13 June 2008, Quezon City, Philippines - Tearing down makeshift walls of a police detachment that is being built in front of the Department of Agrarian Reform (DAR) compound, farmers shouted their demand for the reform and extension of the Philippine’s Comprehensive Agrarian Reform Program (CARP), which is due to end in June next year, amid criticisms of the government’s failure to implement it.
“These walls are symbols of the government’s protection of the landowners, instead of the farmers, so we are tearing them down,”cried Renato Penas, Chairperson of the Pambansang Kilusan ng mga Samahang Magsasaka (PAKISAMA), a national confederation of farmers organizations in the Philippines, as he and other farmer leaders use their hands to destroy the makeshift walls.
Around 300 farmers, fishers, rural women and children with their support groups coming from farmers tear down walls of police detachment"national and international NGOs marched from Commonwealth Avenue to Quezon Circle at 9:00 AM last June 12, which also marks the 109th anniversary of Philippine Independence.
The farmers’groups that gathered in front of DAR included national federations such as PAKISAMA, Pambansang Katipunan ng mga Samahan sa Kanayunan, Task Force Mapalad, Ugnayan ng Nagsasariling Organisasyon sa Kanayunan, Pambansang Kilusan ng mga Magbubikid ng Pilipinas, NGOs and agrarian reform advocates in the Philippines.
Farmer leaders from Asian Farmers’ Association for Sustainable Rural Development (AFA), a regional alliance of national farmers’ organizations in eight Southeast and North Asia countries, joined the rally in solidarity with the Filipino farmers.
Representatives from AFA’s member organizations, SorKorPor in Thailand, API in Indonesia, TWADA in Taiwan, VNFU in Vietnam, and FNN in Cambodia are here in the Philippines for a regional-consultation workshop on farmers’ situation from June 12-15.

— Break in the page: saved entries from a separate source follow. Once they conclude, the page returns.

Lemma card_ord_gt m : #|[pred u : 'I_n | (m < u)%N]| = (n - m.+1)%N.
Proof.
rewrite -sum1_card big_mkcond /= -(big_mkord xpredT (fun i => (m < i : nat))).
elim: n => [|k IH]; first by rewrite big_geq.
by rewrite big_nat_recr //= IH; case: ltnP; lia.
Qed.

Lemma card_above v : #|above v| = (n - v)%N.
Proof.
rewrite card_option_pred (eq_card (B := [pred u : 'I_n | (v < u)%N])) ?card_ord_gt.
  by rewrite unfold_in /=; have := ltn_ord v; lia.
by move=> u; rewrite !unfold_in.
Qed.

Lemma card_parfun_family (F : 'I_n -> pred (option 'I_n)) :
  #|[set par : parfun n | [forall v, F v (par v)]]| = (\prod_(v < n) #|F v|)%N.
Proof.
transitivity #|family F|; last by rewrite card_family foldrE big_map big_enum.
by apply: eq_card => par; rewrite inE; apply/forallP/familyP.
Qed.

End Decreasing.

Lemma prod_ord_subn n : (\prod_(v < n) (n - v))%N = n`!.
Proof.
elim: n => [|n IH]; first by rewrite big_ord0.
by rewrite big_ord_recl /= subn0 factS -IH.
Qed.

Lemma card_decreasing n : #|[set par : parfun n | decreasing par]| = n`!.
Proof.
rewrite card_parfun_family -prod_ord_subn; apply: eq_bigr => v _.
exact: card_above.
Qed.

Lemma num_avoiding12 S n :
  uncovered S -> S 1%N pat12 -> num_avoiding S n = n`!.
Proof.
move=> hu h12; rewrite /num_avoiding -card_decreasing; apply: eq_card => par.
rewrite !inE; apply/asboolP/idP => [[hf ha]|dec].
  exact: avoids12_decreasing hf (ha _ _ h12).
split; first exact: decreasing_forest.
exact: decreasing_avoids dec (uncovered_no_max_start12 hu h12).
Qed.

AFA Vice-Chairperson Ms. Sudaporn Sittisathapornkul, a farmer-leader from SorKorPor, delivered the association’s solidarity statement and urged the Philippine government to continue the implementation of the program.
“Our farmers from Taiwan, Korea, Japan, and Vietnam have been successful in their land redistribution and the development of farmes in these countries was primarily because of land redistribution,” said Sittisathapornkul.
During the rally, farmers from Task Force Malapad carried the pictures of the two farmers who were recently killed by the bodyguards of landowner Roberto Cuenca in Negros Occidental after they tried to install themselves in the 144-hectare land distributed to them under CARP.
“We denounce the killings of farmer leaders and NGO workers who are at the forefront of the struggle for agrarian reform,” said Sittisathapornkul.
“We believe that government should protect farmers’ rights and must give all resources so they can fully benefit from government’s program,” she added.
API Chairperson Sambito from Indonesia, speaking before the rally, identified with the Filipino farmers’plight.
He said that Indonesian farmers also face violence form the military. Just recently, 4 Indonesian farmers were killed when they resisted the encroachment of the military in the land they were tilling.
“We are one with you in your struggle for your land and for justice for the farmers,” Sambito said.
Nineteen years after the Comprehensive Agrarian Reform Law (CARL) was signed into law on June 10, 1988, landlessness remains the biggest problem of Filipino farmers, many of whom live in abject poverty.
One year before it ends, more than 1 million hectares of prime agricultural land identified under the program have yet to be redistributed, while landowners’ resistance have intensified.
The agrarian reform movement is no doubt facing an uphill and difficult battle; one that the Filipino farmers are ready to fight for, alongside their Asian comrades.